## Assignment
Copy out every line holding the string "multiple" from the records below.

## Collected data entries
┄┄┄┄┄┄┄┄┄┄
(* Let $\mathbf A\in\mathbb C^{n\times n}$ with $\operatorname{Ind}\mathbf A=1$ and $\operatorname{rank}\mathbf A^{2}=\operatorname{rank}\mathbf A=r\le n$. Then the group inverse $\mathbf A^{g}=(a^{g}_{ij})$ satisfies, for all $i,j=1,\dots,n$, \[a^{g}_{ij}=\frac{\sum_{\alpha\in I_{r,n}\{j\}}\left|\left(\mathbf A^{2}_{j.}(\mathbf a_{i.})\right)^{\alpha}_{\alpha}\right|}{\sum_{\alpha\in I_{r,n}}\left|(\mathbf A^{2})^{\alpha}_{\alpha}\right|} \quad\text{and}\quad a^{g}_{ij}=\frac{\sum_{\beta\in J_{r,n}\{i\}}\left|\left(\mathbf A^{2}_{.i}(\mathbf a_{.j})\right)^{\beta}_{\beta}\right|}{\sum_{\beta\in J_{r,n}}\left|(\mathbf A^{2})^{\beta}_{\beta}\right|},\] where $\mathbf a_{i.}$ and $\mathbf a_{.j}$ are the $i$-th row and $j$-th column of $\mathbf A$.
   Context: $\operatorname{Ind}\mathbf A$ is the smallest nonnegative $k$ with $\operatorname{rank}\mathbf A^{k+1}=\operatorname{rank}\mathbf A^{k}$. The group inverse $\mathbf A^{g}$ is the unique $\mathbf X$ with $\mathbf A\mathbf X\mathbf A=\mathbf A$, $\mathbf X\mathbf A\mathbf X=\mathbf X$, $\mathbf A\mathbf X=\mathbf X\mathbf A$. $\mathbf M_{.i}(\mathbf c)$ (resp. $\mathbf M_{j.}(\mathbf c)$) is obtained by replacing the $i$-th column (resp. $j$-th row) of $\mathbf M$ by $\mathbf c$. For $1\le k\le n$, $L_{k,n}$ is the set of strictly increasing sequences of $k$ elements of $\{1,\dots,n\}$; $I_{k,n}=J_{k,n}=L_{k,n}$, $I_{k,n}\{i\}=J_{k,n}\{i\}=\{\alpha\in L_{k,n}:i\in\alpha\}$; $\mathbf M^{\alpha}_{\alpha}$ is the principal submatrix indexed by $\alpha$; $|\cdot|$ is the determinant. *)

From HB Require Import structures.
From mathcomp Require Import all_boot all_order all_algebra.
From mathcomp Require Import complex.
From mathcomp Require Import reals.
Set Implicit Arguments. Unset Strict Implicit. Unset Printing Implicit Defensive.
Import Order.TTheory GRing.Theory Num.Theory.
Local Open Scope ring_scope.

Section Defs.
Variable F : fieldType.

Definition is_mx_index n (A : 'M[F]_n) (k : nat) : Prop :=
  \rank (A ^+ k.+1) = \rank (A ^+ k) /\
  (forall m : nat, (m < k)%N -> \rank (A ^+ m.+1) <> \rank (A ^+ m)).
(* Let $X$ be a graph (multiple edges and loops allowed) which is connected, has countable vertex set, has bounded degree, and has no vertex of degree one. Fix a vertex $x_0\in VX$. For $x\in VX$ and $m\ge 1$ let $c_m(x)$ be the number of geodesic loops of length $m$ starting at $x$, and let $N_m(x_0)$ be the number of closed geodesic paths of length $m$ starting at $x_0$. Define formal power series $C(u:x)=\sum_{m=1}^\infty c_m(x)u^m$ for $x\in VX$ and $N(u:x_0)=\sum_{m=1}^\infty N_m(x_0)u^m$, and set (coefficientwise) $(\Delta_X C(u:\cdot))(x_0)=\deg(x_0)C(u:x_0)-\sum_{e\in E_{x_0}}C(u:t(e))$. Then, as formal power series in $u$, $$N(u:x_0)=(1-u^2)^{-2}\{1-(\deg(x_0)-\Delta_X)u^2+(\deg(x_0)-1)u^4\}C(u:\cdot)(x_0),$$ that is, $$N(u:x_0)=(1-u^2)^{-2}\Big[\big(1-\deg(x_0)u^2+(\deg(x_0)-1)u^4\big)C(u:x_0)+u^2(\Delta_X C(u:\cdot))(x_0)\Big].$$
   Context: A graph $X=(VX,EX)$ consists of disjoint sets $VX$, $EX$ with maps $e\mapsto (o(e),t(e))\in VX\times VX$ and $e\mapsto\bar e$ such that $\bar e\ne e$, $\bar{\bar e}=e$, $o(e)=t(\bar e)$. For $x\in VX$, $E_x=\{e\in EX: o(e)=x\}$ and $\deg(x)=|E_x|$; bounded degree means $\sup_x\deg(x)<\infty$. A path of length $n$ is a sequence of edges $c=(e_1,\dots,e_n)$ with $t(e_i)=o(e_{i+1})$; $o(c)=o(e_1)$, $t(c)=t(e_n)$; it is closed if $o(c)=t(c)$. It has a back-tracking if $e_{i+1}=\bar e_i$ for some $i$, and has a tail if $e_n=\bar e_1$. A geodesic loop is a closed path without back-tracking; a closed geodesic path is a geodesic loop without tail. ''Starting at $x$'' means $o(c)=x$. *)

From HB Require Import structures.
From mathcomp Require Import all_boot all_order all_algebra.
Set Implicit Arguments. Unset Strict Implicit. Unset Printing Implicit Defensive.
Import Order.TTheory GRing.Theory Num.Theory.

(* A (Serre) graph X = (VX, EX, o, t, bar) in which every vertex has finitely
   many outgoing edges; [star x] is a duplicate-free list of E_x = {e | o e = x}.
   Loops and multiple edges are allowed. *)
Record graph := Graph {
  vert : countType;
  edge : eqType;
  org : edge -> vert;
  ter : edge -> vert;
  rev : edge -> edge;
  star : vert -> seq edge;
  rev_neq : forall e, rev e != e;
  revK : forall e, rev (rev e) = e;
  org_rev : forall e, org e = ter (rev e);
  star_uniq : forall x, uniq (star x);
  star_mem : forall x e, (e \in star x) = (org e == x)
}.

Section Paths.
Variable X : graph.
Local Notation V := (vert X).
Local Notation E := (edge X).

Definition deg (x : V) : nat := size (star x).

Fixpoint walks (m : nat) (x : V) : seq (seq E) :=
  match m with
  | 0 => [:: [::]]
  | m'.+1 => flatten [seq [seq e :: p | p <- walks m' (ter e)] | e <- star x]
  end.

Definition term (x : V) (p : seq E) : V := last x (map (@ter X) p).

Fixpoint no_backtrack (p : seq E) : bool :=
  match p with
  | e1 :: ((e2 :: _) as q) => (e2 != rev e1) && no_backtrack q
  | _ => true
  end.

Definition has_tail (p : seq E) : bool :=
  match p with
  | e1 :: _ => last e1 p == rev e1
  | [::] => false
  end.

Definition geodesic_loop (x : V) (p : seq E) : bool :=
  (term x p == x) && no_backtrack p.

Definition closed_geodesic (x : V) (p : seq E) : bool :=
  geodesic_loop x p && ~~ has_tail p.

Definition c_num (m : nat) (x : V) : nat := count (geodesic_loop x) (walks m x).
Definition N_num (m : nat) (x : V) : nat := count (closed_geodesic x) (walks m x).

Definition connected : Prop :=
  forall x y : V, exists m, exists2 p, p \in walks m x & term x p = y.

Definition bounded_degree : Prop := exists D, forall x : V, deg x <= D.

End Paths.

Definition fps := nat -> int.
Local Open Scope ring_scope.
Definition fps_add (a b : fps) : fps := fun n => a n + b n.
Definition fps_mul (a b : fps) : fps :=
  fun n => \sum_(i < n.+1) a i * b (n - i)%N.
(* polynomial given by its list of coefficients (constant term first) *)
Definition fps_poly (s : seq int) : fps := fun n => nth 0 s n.

Definition Cser (X : graph) (x : vert X) : fps :=
  fun n => if n == 0%N then 0 else (c_num n x)%:Z.
Definition Nser (X : graph) (x : vert X) : fps :=
  fun n => if n == 0%N then 0 else (N_num n x)%:Z.

Definition DeltaC (X : graph) (x : vert X) : fps :=
  fun n => (deg x)%:Z * Cser x n - \sum_(e <- star x) Cser (ter e) n.

From mathcomp Require Import all_boot all_order all_algebra zify.
Set Implicit Arguments. Unset Strict Implicit. Unset Printing Implicit Defensive.

(* Sort the geodesic loops q of length k at the far ends t(e), e in E_x, by whether q
   begins with the reverse of e and whether it ends with e.  Those doing neither are
   exactly the q for which e q (rev e) is a geodesic loop with tail at x, so they count
   c_{k+2}(x) - N_{k+2}(x).  Those doing exactly one of the two are rotations of closed
   geodesic paths of length k at x, so each kind counts N_k(x).  Those doing both are
   (rev e) s e for a geodesic loop s of length k-2 at x, and e can then be chosen in
   deg x - 1 or deg x - 2 ways according as s has a tail or not, which gives
   (deg x - 1) c_{k-2}(x) - N_{k-2}(x).  Summing over E_x yields the coefficient of
   u^{k+2} of the identity multiplied by (1 - u^2)^2. *)

Lemma count_sum (T : Type) (P : pred T) (s : seq T) : count P s = \sum_(y <- s) P y.
Proof. by rewrite -sum1_count big_mkcond. Qed.

Lemma sum_neq2 (T : eqType) (s : seq T) (a b : T) :
  uniq s -> a \in s -> b \in s ->
  \sum_(y <- s) ((y != a) && (y != b)) + (a != b) + 1 = size s.
Proof.
move=> s_uniq sa sb.
have count1 y : y \in s -> count (pred1 y) s = 1.
  by move=> ys; rewrite (count_uniq_mem y s_uniq) ys.
have countI : count (predI (pred1 a) (pred1 b)) s = (a == b).
  case: eqVneq => [<-|ab].
    by rewrite /= -(count1 a sa); apply: eq_count => y /=; rewrite andbb.
  apply/eqP; rewrite -leqn0 leqNgt -has_count.
  by apply/hasP => -[y _ /andP [/eqP -> /eqP]]; apply/eqP.
have countUI := count_predUI (pred1 a) (pred1 b) s.
have countC := count_predC (predU (pred1 a) (pred1 b)) s.
rewrite -count_sum (@eq_count _ _ (predC (predU (pred1 a) (pred1 b)))); last first.
  by move=> y /=; rewrite negb_or.
rewrite count1 // count1 // countI in countUI.
by case: eqVneq countI countUI => _ /= _; lia.
Qed.

Section GeodesicLoops.
Variable X : graph.
Local Notation V := (vert X).
Local Notation E := (edge X).
Implicit Types (x y : V) (e f : E) (p q r s : seq E).

Lemma rev_inj : injective (@rev X).
Proof. exact: (can_inj (@revK X)). Qed.

Lemma org_revE e : org (rev e) = ter e.
Proof. by rewrite org_rev revK. Qed.

Lemma ter_revE e : ter (rev e) = org e.
Proof. by rewrite org_rev. Qed.

Lemma eq_rev_sym e f : (e == rev f) = (f == rev e).
Proof. by rewrite -(inj_eq rev_inj) revK eq_sym. Qed.

Lemma eq_rev_id e : (e == rev e) = false.
Proof. by rewrite eq_sym (negbTE (rev_neq e)). Qed.

Lemma no_backtrack_cons e q :
  no_backtrack (e :: q) = (head e q != rev e) && no_backtrack q.
Proof. by case: q => [|f q] /=; rewrite ?eq_rev_id. Qed.

Lemma no_backtrack_rcons q f :
  no_backtrack (rcons q f) = no_backtrack q && (f != rev (last f q)).
Proof.
elim: q => [|e q IHq]; first by rewrite /= eq_rev_id.
rewrite rcons_cons !no_backtrack_cons IHq.
by case: q {IHq} => [|g q] /=; rewrite ?eq_rev_id ?andbA //= andbT.
Qed.

Lemma term_cons x e q : term x (e :: q) = term (ter e) q.
Proof. by []. Qed.

Lemma term_rcons x q f : term x (rcons q f) = ter f.
Proof. by rewrite /term map_rcons last_rcons. Qed.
┄┄┄┄┄┄┄┄┄┄
## Result of this exercise
(* Let $X$ be a graph (multiple edges and loops allowed) which is connected, has countable vertex set, has bounded degree, and has no vertex of degree one. Fix a vertex $x_0\in VX$. For $x\in VX$ and $m\ge 1$ let $c_m(x)$ be the number of geodesic loops of length $m$ starting at $x$, and let $N_m(x_0)$ be the number of closed geodesic paths of length $m$ starting at $x_0$. Define formal power series $C(u:x)=\sum_{m=1}^\infty c_m(x)u^m$ for $x\in VX$ and $N(u:x_0)=\sum_{m=1}^\infty N_m(x_0)u^m$, and set (coefficientwise) $(\Delta_X C(u:\cdot))(x_0)=\deg(x_0)C(u:x_0)-\sum_{e\in E_{x_0}}C(u:t(e))$. Then, as formal power series in $u$, $$N(u:x_0)=(1-u^2)^{-2}\{1-(\deg(x_0)-\Delta_X)u^2+(\deg(x_0)-1)u^4\}C(u:\cdot)(x_0),$$ that is, $$N(u:x_0)=(1-u^2)^{-2}\Big[\big(1-\deg(x_0)u^2+(\deg(x_0)-1)u^4\big)C(u:x_0)+u^2(\Delta_X C(u:\cdot))(x_0)\Big].$$
   Loops and multiple edges are allowed. *)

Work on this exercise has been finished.